Tuesday, 6 May 2014

Do family characteristics affect children's health?

This blog, written by Wikichild co-ordinator Melinda Deleuze, provides an overview of the latest World Family Map 2014. The report takes a look at family characteristics across the globe to see if they affect children's health. The post is a part of Wikiprogress' Series on Health.

The World Family Map Project measures and monitors global changes in the family. Last month, the World Family Map 2014 was released and it sure has a lot going on! This second annual edition provides 1) updates on the project’s 16 indicators, 2) an essay on union stability and child health in developing countries, as well as 3) a short analysis of psychological distress among 9 to 16 year olds in the European Union (EU). This blog will provide an overview of the report’s three sections, sharing a few of the findings. 

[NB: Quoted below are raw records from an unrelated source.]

Lemma unif_powers_free : free unif_powers.
Proof.
apply/freeP => a ha i; pose b j := a (inord j).
have hb : \sum_(j < 8) (b j)%:A * p0 ^+ j = 0.
  by rewrite -[RHS]ha; apply: eq_bigr => j _; rewrite /b inord_val unif_powersE mulr_algl.
have [hz|[j [_ _ /val_is_neq0]]] := val_sum_distinct hw (@val_coef_pow_distinct b).
  move/eqP: (hz i (ltn_ord i)); rewrite /b inord_val mulf_eq0 expf_eq0.
  rewrite (negbTE (val_is_neq0 hp0)) andbF orbF scaler_eq0 oner_eq0 orbF.
  by move/eqP.
by rewrite hb eqxx.
Qed.

Lemma unif_powers_span : <<unif_powers>>%VS = fullv.
Proof.
apply/eqP; rewrite eqEdim subvf /=.
by move: unif_powers_free; rewrite /free size_tuple => /eqP ->.
Qed.

Lemma unif_powers_coord (x : L) : exists a : nat -> K,
  x = \sum_(i < 8) (a i)%:A * p0 ^+ i.
Proof.
have hx : x \in <<unif_powers>>%VS by rewrite unif_powers_span memvf.
exists (fun j => coord unif_powers (inord j) x); rewrite {1}(coord_span hx).
by apply: eq_bigr => j _; rewrite inord_val unif_powersE mulr_algl.
Qed.

Lemma unif_coord_vals (a : nat -> K) :
  val_is w 1 (\sum_(i < 8) (a i)%:A * p0 ^+ i) ->
  val_is w 0 (a 1%N)%:A /\ forall i, (i < 8)%N -> val_ge w 0 (a i)%:A.
Proof.
move=> hs; have [hz|[j [j8 aj0 hj hmin]]] := val_sum_distinct hw (@val_coef_pow_distinct a).
  by move: (val_is_neq0 hs); rewrite big1 ?eqxx // => i _; apply: hz.
have wj := val_is_inj hj hs.
have a0 (i : nat) : (a i)%:A * p0 ^+ i != 0 -> a i != 0.
  by apply: contraNneq => ->; rewrite scale0r mul0r.
have [_ hwj] := val_is_coef_pow j (a0 _ aj0).
rewrite hwj in wj; have j1 : j = 1%N by lia.
subst j; have a10 := a0 _ aj0; set v1 := v (a 1%N) in wj hwj.
split; first by split; [rewrite scaler_eq0 oner_eq0 orbF | rewrite hwv // -/v1; lia].
move=> i i8; have [->|ai0] := eqVneq (a i) 0; first by rewrite scale0r; left.
have [ei hwi] := val_is_coef_pow i ai0.
by right; move: (hmin i i8 ei); rewrite hwi hwj hwv //; lia.
Qed.

Lemma val_is_gal_sub_unif (pi : L) (g : gal_of {:L}) N :
  val_is w 1 pi -> (forall a : K, g a%:A = a%:A) -> 1 <= N ->
  val_is w 1 (g p0) -> val_is w N (g p0 - p0) -> val_is w N (g pi - pi).
Proof.
move=> hpi gK N1 hg hgN; have [a api] := unif_powers_coord pi.
rewrite api in hpi; have [ea1 ga] := unif_coord_vals hpi.
have -> : g pi - pi = \sum_(i < 8) (a i)%:A * (g p0 ^+ i - p0 ^+ i).
  rewrite api rmorph_sum -sumrB; apply: eq_bigr => i _.
  rewrite rmorphM [X in X * _ - _](_ : _ = (a i)%:A); last exact: gK.
  by rewrite rmorphXn mulrBr.
rewrite -(big_mkord xpredT (fun i => (a i)%:A * (g p0 ^+ i - p0 ^+ i))).
rewrite big_ltn // big_ltn // !expr0 subrr mulr0 add0r !expr1.
apply: (val_isDr hw); first by apply: val_isW (val_isM hw ea1 hgN); lia.
rewrite big_nat; apply: (val_ge_sum hw) => -[|[|i]] // /andP[_ i8].
apply: val_geW (val_geM hw (ga _ i8) (val_ge_pow_sub hw i hg hp0 hgN)); lia.
Qed.

End TotallyRamified.

Section Proposition.
Variables (K : fieldType) (v : K -> int).
Hypothesis hv2 : v 2 = 1.
Variables (k : nat) (m : int).
Hypothesis hk : (1 <= k)%N.
Hypothesis hm : odd `|m|%N.
Variables (L : splittingFieldType K) (delta alpha beta : L).
Hypothesis hroots : root_triple (c_const k m) delta alpha beta.
Hypothesis hgen : (<<1 & [:: alpha; beta]>>)%VS = fullv.
Variable w : L -> int.
Hypothesis hw : is_valuation w.
Hypothesis hwv : forall x : K, x != 0 -> w x%:A = 8 * v x.
Variable pi : L.
Hypothesis hpi : val_is w 1 pi.

Local Notation Gal := ('Gal({:L} / 1%VS))%g.

Lemma two_alg : (2 : L) = (2 : K)%:A.
Proof. by rewrite -in_algE rmorph_nat. Qed.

The Countries included in the World Family Map 2014

The Data Updates, part 1

The first section, representing a bulk of the report, offers an inside view of families within 49 countries. The report presents a description of the data trends, showing regional and country differences, as well as colourful tables and maps for almost every indicator. The report pulls data from a multitude of sources: country-level sources; DHS; FAO; Integrated Public Use Microdata Series-International (IPMUS); LIS; OECD; PISA; UNICEF Innocenti Research Center; World Value Surveys. The blending of these surveys produces 16 indicators divided into 4 domains: family structure; family socioeconomics; family processes; family culture.

The “family structure” dimension includes data regarding living arrangements, marriage and cohabitation rates, fertility rates, and non-marital childbearing rates. Living arrangements is separated into 2-parent households, single-parent households, neither-parent households, and households with extended family members.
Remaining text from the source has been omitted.